**REQUIRED ACTION:**
Below this line is the material. Write out only its lines from the one containing "apply is_RInt_unique, (is_RInt_Chasles" through the one containing "- intros x Hx; rewrite triangle_prior_left", both kept, exactly.

**EXCERPTED RECORDS:**
(* Suppose one trial with success probability $p\in(0,1)$ is performed and results in success (i.e. $X=1$ with $X\sim B(1,p)$). Put on $p$ the triangle prior with mode $\alpha\in(0,1)$, $$\pi(p)=\begin{cases}\frac{2}{\alpha}p, & 0<p\le\alpha,\\ \frac{2}{1-\alpha}(1-p), & \alpha<p<1.\end{cases}$$ Then the posterior mean of $p$ is $g(\alpha)=\frac{1+\alpha+\alpha^2}{2(1+\alpha)}$, and the unique $\tau\in(0,1)$ satisfying $\tau=g(\tau)$ (the iterative limit obtained by repeatedly replacing the mode of the prior with the posterior mean) is $\tau=\frac{\sqrt5-1}{2}=1/\phi\approx 0.618$, where $\phi=\frac{1+\sqrt5}{2}$ is the Golden Ratio.
   Context: The posterior mean is the Bayes estimate of $p$ under quadratic loss. *)

From Stdlib Require Import Reals Lra.
From Coquelicot Require Import Coquelicot.
Open Scope R_scope.

Definition triangle_prior (alpha p : R) : R :=
  if Rle_dec p 0 then 0
  else if Rle_dec p alpha then (2 / alpha) * p
  else if Rlt_dec p 1 then (2 / (1 - alpha)) * (1 - p)
  else 0.

Definition bernoulli_lik (x : nat) (p : R) : R := p ^ x * (1 - p) ^ (1 - x).

Definition posterior_mean (prior : R -> R) (x : nat) : R :=
  RInt (fun p => p * (bernoulli_lik x p * prior p)) 0 1 /
  RInt (fun p => bernoulli_lik x p * prior p) 0 1.

Definition g (alpha : R) : R := posterior_mean (triangle_prior alpha) 1.

Definition golden_ratio : R := (1 + sqrt 5) / 2.

(* After one success the likelihood is p, so both integrals defining g split at the mode alpha
   into integrals of polynomials: the evidence is (1 + alpha) / 3 and the first moment is
   (1 + alpha + alpha^2) / 6.  The fixed-point equation tau = g tau then clears to
   tau^2 + tau - 1 = 0, whose root in (0,1) is (sqrt 5 - 1) / 2 = 1 / phi. *)
From Stdlib Require Import Reals Lra.
From Coquelicot Require Import Coquelicot.
Open Scope R_scope.

Lemma is_RInt_antiderivative (f F : R -> R) (a b : R) :
  (forall x, is_derive F x (f x)) -> (forall x, continuous f x) ->
  is_RInt f a b (F b - F a).
Proof. intros HF Hf; apply (is_RInt_derive F f); auto. Qed.

Lemma RInt_piecewise (h f1 f2 : R -> R) (a c b v1 v2 : R) :
  a < c < b ->
  (forall x, a < x < c -> h x = f1 x) ->
  (forall x, c < x < b -> h x = f2 x) ->
  is_RInt f1 a c v1 -> is_RInt f2 c b v2 ->
  RInt h a b = v1 + v2.
Proof.
  intros Hc H1 H2 I1 I2.
  apply is_RInt_unique, (is_RInt_Chasles h a c b).
  - apply is_RInt_ext with f1; [|exact I1].
    rewrite Rmin_left, Rmax_right by lra; intros x Hx; symmetry; apply H1; lra.
  - apply is_RInt_ext with f2; [|exact I2].
    rewrite Rmin_left, Rmax_right by lra; intros x Hx; symmetry; apply H2; lra.
Qed.

Lemma triangle_prior_left (alpha p : R) :
  0 < p <= alpha -> triangle_prior alpha p = 2 / alpha * p.
Proof.
  intros Hp; unfold triangle_prior.
  destruct (Rle_dec p 0); [lra|]; destruct (Rle_dec p alpha); lra.
Qed.

Lemma triangle_prior_right (alpha p : R) :
  0 <= alpha < p -> p < 1 -> triangle_prior alpha p = 2 / (1 - alpha) * (1 - p).
Proof.
  intros Hp Hp1; unfold triangle_prior.
  destruct (Rle_dec p 0); [lra|]; destruct (Rle_dec p alpha); [lra|].
  destruct (Rlt_dec p 1); lra.
Qed.

Lemma RInt_mul_triangle_prior (h Q1 Q2 : R -> R) (alpha : R) :
  0 < alpha < 1 ->
  (forall x, is_derive Q1 x (x * h x)) -> (forall x, continuous (fun x => x * h x) x) ->
  (forall x, is_derive Q2 x ((1 - x) * h x)) ->
  (forall x, continuous (fun x => (1 - x) * h x) x) ->
  RInt (fun p => h p * triangle_prior alpha p) 0 1 =
  2 / alpha * (Q1 alpha - Q1 0) + 2 / (1 - alpha) * (Q2 1 - Q2 alpha).
Proof.
  intros Ha HQ1 Hc1 HQ2 Hc2.
  apply (RInt_piecewise _ (fun x => 2 / alpha * (x * h x))
           (fun x => 2 / (1 - alpha) * ((1 - x) * h x)) 0 alpha 1); [exact Ha | | | |].
  - intros x Hx; rewrite triangle_prior_left by lra; ring.
  - intros x Hx; rewrite triangle_prior_right by lra; ring.
  - apply (is_RInt_scal _ _ _ _ (_ - _)), is_RInt_antiderivative; assumption.
  - apply (is_RInt_scal _ _ _ _ (_ - _)), is_RInt_antiderivative; assumption.
Qed.

Ltac polynomial_continuity :=
  intros ?; apply (@ex_derive_continuous R_AbsRing R_NormedModule); auto_derive; auto.

Ltac polynomial_derivative := intros ?; auto_derive; [easy | field].

(* [:> R] pins the equation at [R] rather than at the normed-module carrier returned by
   [RInt], so that [field] recognizes it. *)
Lemma triangle_evidence_success (alpha : R) : 0 < alpha < 1 ->
  RInt (fun p => bernoulli_lik 1 p * triangle_prior alpha p) 0 1 = (1 + alpha) / 3 :> R.
Proof.
  intros Ha.
  rewrite (RInt_ext _ (fun p => p * triangle_prior alpha p))
    by (intros x _; unfold bernoulli_lik; simpl; ring).
  rewrite (RInt_mul_triangle_prior (fun p => p) (fun x => x ^ 3 / 3)
             (fun x => x ^ 2 / 2 - x ^ 3 / 3));
    [field; lra | exact Ha | polynomial_derivative | polynomial_continuity
    | polynomial_derivative | polynomial_continuity].
Qed.

Lemma triangle_first_moment_success (alpha : R) : 0 < alpha < 1 ->
  RInt (fun p => p * (bernoulli_lik 1 p * triangle_prior alpha p)) 0 1 =
  (1 + alpha + alpha ^ 2) / 6 :> R.
Proof.
  intros Ha.
  rewrite (RInt_ext _ (fun p => (p * p) * triangle_prior alpha p))
    by (intros x _; unfold bernoulli_lik; simpl; ring).
  rewrite (RInt_mul_triangle_prior (fun p => p * p) (fun x => x ^ 4 / 4)
             (fun x => x ^ 3 / 3 - x ^ 4 / 4));
    [field; lra | exact Ha | polynomial_derivative | polynomial_continuity
    | polynomial_derivative | polynomial_continuity].
Qed.

Lemma g_formula (alpha : R) : 0 < alpha < 1 ->
  g alpha = (1 + alpha + alpha ^ 2) / (2 * (1 + alpha)).
Proof.
  intros Ha; unfold g, posterior_mean.
  rewrite triangle_first_moment_success, triangle_evidence_success by exact Ha.
  field; lra.
Qed.

Lemma fixed_point_quadratic (tau : R) : -1 < tau ->
  tau = (1 + tau + tau ^ 2) / (2 * (1 + tau)) <-> tau ^ 2 + tau - 1 = 0.
Proof.
  intros Ht; split; intros E.
  - assert (E' : tau * (2 * (1 + tau)) = 1 + tau + tau ^ 2)
      by (rewrite E at 1; field; lra).
    lra.
  - field_simplify_eq; lra.
Qed.

Lemma sqrt5_bounds : sqrt 5 * sqrt 5 = 5 /\ 2 < sqrt 5 < 3.
Proof.
  pose proof (sqrt_sqrt 5 ltac:(lra)); pose proof (sqrt_pos 5).
  split; [assumption | nra].
Qed.

Lemma golden_quadratic_root (tau : R) : 0 < tau ->
  tau ^ 2 + tau - 1 = 0 <-> tau = (sqrt 5 - 1) / 2.
Proof.
  destruct sqrt5_bounds as [H5 Hb]; intros Ht; split; intros E.
  - (* (2 tau + 1)^2 = 5 and 2 tau + 1 > 0 *)
    nra.
  - subst tau; nra.
Qed.

Lemma g_fixed_iff (tau : R) : 0 < tau < 1 ->
  tau = g tau <-> tau = (sqrt 5 - 1) / 2.
Proof.
  intros Ht; rewrite g_formula, fixed_point_quadratic by lra.
  apply golden_quadratic_root; lra.
Qed.

Lemma inv_golden_ratio : (sqrt 5 - 1) / 2 = 1 / golden_ratio.
Proof.
  destruct sqrt5_bounds as [H5 Hb]; unfold golden_ratio.
  field_simplify_eq; nra.
Qed.

Theorem mainTheorem2 :
  (forall alpha : R, 0 < alpha < 1 ->
     g alpha = (1 + alpha + alpha ^ 2) / (2 * (1 + alpha))) /\
  (exists! tau : R, (0 < tau < 1) /\ tau = g tau) /\
  (forall tau : R, 0 < tau < 1 -> tau = g tau -> tau = (sqrt 5 - 1) / 2) /\
  (sqrt 5 - 1) / 2 = 1 / golden_ratio.
Proof.
  assert (Hroot : 0 < (sqrt 5 - 1) / 2 < 1) by (destruct sqrt5_bounds; lra).
  split; [exact g_formula|]; split; [|split].
  - exists ((sqrt 5 - 1) / 2); split.
    + split; [exact Hroot | apply g_fixed_iff; auto].
    + intros tau [Ht E]; symmetry; apply g_fixed_iff; auto.
  - intros tau Ht; apply g_fixed_iff, Ht.
  - exact inv_golden_ratio.
Qed.
Lemma ginv134_not_penrose2 : (\rank B < m)%N -> (\rank B < n)%N ->
  exists H, ginv [:: 1; 3; 4]%N B H /\ ~ penrose 2 B H.
Proof.
move=> ltm ltn.
have [W] := exists_mulmx_neq0 (right_proj_neq0 ltn) (left_proj_neq0 ltm).
set D := (1%:M - Bd *m B) *m W *m (1%:M - B *m Bd) => D_neq0.
have BD : B *m D = 0 by rewrite /D !mulmxA B_right_proj !mul0mx.
have DB : D *m B = 0 by rewrite /D -mulmxA left_proj_B mulmx0.
have BH : B *m (Bd + D) = B *m Bd by rewrite mulmxDr BD addr0.
have HB : (Bd + D) *m B = Bd *m B by rewrite mulmxDl DB addr0.
exists (Bd + D); split.
  move=> i; rewrite !inE => /or3P [] /eqP -> /=; rewrite ?BH ?HB.
  - exact: B1.
  - exact: B3.
  - exact: B4.
rewrite /= HB mulmxDr B2 -(mulmxA Bd) BD mulmx0 => /addrI/esym D0.
by rewrite D0 eqxx in D_neq0.
Qed.

Lemma ginv12_not_penrose3 : B != 0 -> (\rank B < m)%N ->
  exists H, ginv [:: 1; 2]%N B H /\ ~ penrose 3 B H.
Proof.
move=> B_neq0 ltm.
have [W] := exists_mulmx_neq0 B_neq0 (left_proj_neq0 ltm).
set D := B *m W *m (1%:M - B *m Bd) => D_neq0.
have BBdD : B *m Bd *m D = D by rewrite /D !mulmxA B1.
have DB : D *m B = 0 by rewrite /D -mulmxA left_proj_B mulmx0.
have BH : B *m (Bd + Bd *m D) = B *m Bd + D by rewrite mulmxDr mulmxA BBdD.
exists (Bd + Bd *m D); split.
  apply/ginv12E; split; first by rewrite /= BH mulmxDl B1 DB addr0.
  by rewrite /= mulmxDl -(mulmxA Bd) DB mulmx0 addr0 mulmxDr B2 mulmxA B2.
rewrite /= BH ctmxD B3 => /addrI hermD.
have D0 : D = 0 by rewrite -hermD -BBdD ctmxM B3 hermD mulmxA DB mul0mx.
by rewrite D0 eqxx in D_neq0.
Qed.

End Counterexamples.

Section Characterizations.
Variables (R : numClosedFieldType) (m n : nat) (B : 'M[R]_(m, n)).

Lemma ginv1_mulmx_full_rows H : \rank B = m -> penrose 1 B H -> B *m H = 1%:M.
Proof.
move=> rBm /= BHB; have /row_freeP [L BL] : row_free B by rewrite /row_free rBm.
by rewrite -[B *m H]mulmx1 -BL mulmxA BHB.
Qed.

Lemma ginv1_mulmx_full_cols H : \rank B = n -> penrose 1 B H -> H *m B = 1%:M.
Proof.
move=> rBn /= BHB; have /row_fullP [L LB] : row_full B by rewrite /row_full rBn.
by rewrite -[H *m B]mul1mx -LB -mulmxA (mulmxA B) BHB.
Qed.

Lemma penrose2_full_rank H :
  \rank B = m \/ \rank B = n -> penrose 1 B H -> penrose 2 B H.
Proof.
case=> [rBm | rBn] BH1 /=.
  by rewrite -mulmxA ginv1_mulmx_full_rows ?mulmx1.
by rewrite ginv1_mulmx_full_cols ?mul1mx.
Qed.

Lemma penrose3_full_rows H :
  B = 0 \/ \rank B = m -> penrose 1 B H -> penrose 3 B H.
Proof.
case=> [-> | rBm BH1] /=; first by rewrite mul0mx ctmx0.
by rewrite ginv1_mulmx_full_rows ?ctmx1.
Qed.

Lemma ginv134_penrose2P :
  (forall H, ginv [:: 1; 3; 4]%N B H -> penrose 2 B H) <-> \rank B = m \/ \rank B = n.
Proof.
split=> [sub2 | full H BH134]; last exact: penrose2_full_rank (@BH134 1%N isT).
have [Bd MP_Bd] := is_MP_exists B.
have := rank_leq_row B; rewrite leq_eqVlt => /predU1P [|ltm]; first by left.
have := rank_leq_col B; rewrite leq_eqVlt => /predU1P [|ltn]; first by right.
by have [H [H134 /(_ (sub2 H H134))]] := ginv134_not_penrose2 MP_Bd ltm ltn.
Qed.

Lemma ginv12_penrose3P :
  (forall H, ginv [:: 1; 2]%N B H -> penrose 3 B H) <-> B = 0 \/ \rank B = m.
Proof.
split=> [sub3 | full H /ginv12E [BH1 _]]; last exact: penrose3_full_rows.
have [Bd MP_Bd] := is_MP_exists B.
have [->|B_neq0] := eqVneq B 0; first by left.
have := rank_leq_row B; rewrite leq_eqVlt => /predU1P [|ltm]; first by right.
by have [H [H12 /(_ (sub3 H H12))]] := ginv12_not_penrose3 MP_Bd B_neq0 ltm.
Qed.

End Characterizations.

Lemma ginv12_penrose4P (R : numClosedFieldType) m n (B : 'M[R]_(m, n)) :
  (forall H, ginv [:: 1; 2]%N B H -> penrose 4 B H) <-> B = 0 \/ \rank B = n.
Proof.
have B0E : ctmx B = 0 <-> B = 0.
  by split=> [B0 | ->]; [apply: ctmx_inj; rewrite B0 | ]; rewrite ctmx0.
rewrite -mxrank_ctmx -B0E -ginv12_penrose3P.
split=> sub H; rewrite -[H]ctmxK.
  by move=> /ginv12_ctmx H12; apply/penrose3_ctmx/sub.
by rewrite -ginv12_ctmx => /sub /penrose3_ctmx.
Qed.

Lemma meq_msub (T : Type) (P S : T -> Prop) : meq P S <-> msub P S /\ msub S P.
Proof. by split=> [PS | [PS SP] x]; [split=> x /PS | split=> [/PS | /SP]]. Qed.

Section InclusionsForB.
Variables (R : numClosedFieldType) (m n : nat) (B : 'M[R]_(m, n)).

Local Notation Q t := (ginv t%N B).

Lemma ginv12_meet_ginv t : all [in [:: 1; 2; 3; 4]%N] t -> mmeet (Q [:: 1; 2]) (Q t).
Proof.
have [Bd MP_Bd] := is_MP_exists B.
by move=> t1234; exists Bd; split; apply: ginv_subset MP_Bd.
Qed.

Lemma ginv_sub_ginv12 t : 1%N \in t -> all [in [:: 1; 3; 4]%N] t ->
  msub (Q t) (Q [:: 1; 2]) <-> \rank B = m \/ \rank B = n.
Proof.
move=> t1 t134; split=> [sub | full H Ht].
  by apply/ginv134_penrose2P => H /(ginv_subset t134) /sub /ginv12E [].
have BH1 : penrose 1 B H := @Ht 1%N t1.
by apply/ginv12E; split; last exact: penrose2_full_rank.
Qed.
(* Let $G=(V,E)$ with weights $w^\pm$ be as in the context, and let $P_0,N_0\subseteq V$ be disjoint. The joint distribution of the pair (final +active set, final -active set) produced by the CLT process with seeds $(P_0,N_0)$ is identical to the joint distribution of the pair (set of +active nodes, set of -active nodes) defined by distances in the random live-path graph $G_X$.
   Context: Weights: $G=(V,E)$ finite directed graph, each edge $(u,v)$ has weights $w^+_{uv},w^-_{uv}\ge 0$, with $w^\pm_{uv}=0$ for non-edges and $\sum_u w^+_{uv}\le1$, $\sum_u w^-_{uv}\le 1$ for all $v$. Seeds $P_0,N_0$ are disjoint. CLT process (two independent LT diffusions with negative dominance). Each node $v$ draws $\theta^+_v,\theta^-_v$ independently and uniformly from $[0,1]$. The positive diffusion is the LT process $R^+_0=P_0$, $R^+_t=R^+_{t-1}\cup\{v:\sum_{u\in R^+_{t-1}}w^+_{uv}\ge\theta^+_v\}$, and $\tau^+(v)=\min\{t: v\in R^+_t\}$ ($=\infty$ if no such $t$). The negative diffusion is defined identically from $N_0$, $w^-$, $\theta^-$, giving $\tau^-(v)$. A node $v$ is finally -active iff $\tau^-(v)<\infty$ and $\tau^-(v)\le\tau^+(v)$, and finally +active iff $\tau^+(v)<\infty$ and $\tau^+(v)<\tau^-(v)$. Random live-path graph $G_X$: independently for each $v\in V$, select at most one positive in-edge, choosing $(u,v)$ with probability $w^+_{uv}$ and no positive in-edge with probability $1-\sum_u w^+_{uv}$; independently, select at most one negative in-edge in the same way using $w^-$. Let $G^+$ (resp. $G^-$) be the graph on $V$ with the selected positive (resp. negative) edges. For $A\subseteq V$, $d_{G^+}(A,v)$ is the length of a shortest directed path in $G^+$ from a node of $A$ to $v$ ($0$ if $v\in A$, $\infty$ if none); $d_{G^-}(A,v)$ similarly. In $G_X$, $v$ is +active iff $d_{G^+}(P_0,v)<\infty$ and $d_{G^+}(P_0,v)<d_{G^-}(N_0,v)$, and -active iff $d_{G^-}(N_0,v)<\infty$ and $d_{G^-}(N_0,v)\le d_{G^+}(P_0,v)$. *)

From mathcomp Require Import all_boot.
From Stdlib Require Import Reals ClassicalEpsilon.

Set Implicit Arguments.
Unset Strict Implicit.
Unset Printing Implicit Defensive.

Definition pb (P : Prop) : bool :=
  if excluded_middle_informative P then true else false.

Section Defs.
Variable V : finType.

Definition insum (w : V -> V -> R) (S : {set V}) (v : V) : R :=
  \big[Rplus/R0]_(u in S) w u v.

Definition valid_weights (E : rel V) (w : V -> V -> R) : Prop :=
  (forall u v, (0 <= w u v)%R) /\
  (forall u v, ~~ E u v -> w u v = R0) /\
  (forall v, (insum w [set: V] v <= 1)%R).

Fixpoint lt_set (w : V -> V -> R) (theta : V -> R) (S0 : {set V}) (t : nat)
  : {set V} :=
  match t with
  | 0 => S0
  | t'.+1 =>
      let S := lt_set w theta S0 t' in
      S :|: [set v | if Rle_dec (theta v) (insum w S v) then true else false]
  end.

Definition tau_is w theta S0 (v : V) (t : nat) : Prop :=
  v \in lt_set w theta S0 t /\ forall s, (s < t)%N -> v \notin lt_set w theta S0 s.
Definition tau_inf w theta S0 (v : V) : Prop :=
  forall t, v \notin lt_set w theta S0 t.

Definition clt_plus (wp wn : V -> V -> R) (thp thn : V -> R) (P0 N0 : {set V})
  (v : V) : Prop :=
  exists t, tau_is wp thp P0 v t /\
    (tau_inf wn thn N0 v \/ exists t', tau_is wn thn N0 v t' /\ (t < t')%N).
Definition clt_minus (wp wn : V -> V -> R) (thp thn : V -> R) (P0 N0 : {set V})
  (v : V) : Prop :=
  exists t', tau_is wn thn N0 v t' /\
    (tau_inf wp thp P0 v \/ exists t, tau_is wp thp P0 v t /\ (t' <= t)%N).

**REPLY:**
  apply is_RInt_unique, (is_RInt_Chasles h a c b).
  - apply is_RInt_ext with f1; [|exact I1].
    rewrite Rmin_left, Rmax_right by lra; intros x Hx; symmetry; apply H1; lra.
  - apply is_RInt_ext with f2; [|exact I2].
    rewrite Rmin_left, Rmax_right by lra; intros x Hx; symmetry; apply H2; lra.
Qed.

Lemma triangle_prior_left (alpha p : R) :
  0 < p <= alpha -> triangle_prior alpha p = 2 / alpha * p.
Proof.
  intros Hp; unfold triangle_prior.
  destruct (Rle_dec p 0); [lra|]; destruct (Rle_dec p alpha); lra.
Qed.

Lemma triangle_prior_right (alpha p : R) :
  0 <= alpha < p -> p < 1 -> triangle_prior alpha p = 2 / (1 - alpha) * (1 - p).
Proof.
  intros Hp Hp1; unfold triangle_prior.
  destruct (Rle_dec p 0); [lra|]; destruct (Rle_dec p alpha); [lra|].
  destruct (Rlt_dec p 1); lra.
Qed.

Lemma RInt_mul_triangle_prior (h Q1 Q2 : R -> R) (alpha : R) :
  0 < alpha < 1 ->
  (forall x, is_derive Q1 x (x * h x)) -> (forall x, continuous (fun x => x * h x) x) ->
  (forall x, is_derive Q2 x ((1 - x) * h x)) ->
  (forall x, continuous (fun x => (1 - x) * h x) x) ->
  RInt (fun p => h p * triangle_prior alpha p) 0 1 =
  2 / alpha * (Q1 alpha - Q1 0) + 2 / (1 - alpha) * (Q2 1 - Q2 alpha).
Proof.
  intros Ha HQ1 Hc1 HQ2 Hc2.
  apply (RInt_piecewise _ (fun x => 2 / alpha * (x * h x))
           (fun x => 2 / (1 - alpha) * ((1 - x) * h x)) 0 alpha 1); [exact Ha | | | |].
  - intros x Hx; rewrite triangle_prior_left by lra; ring.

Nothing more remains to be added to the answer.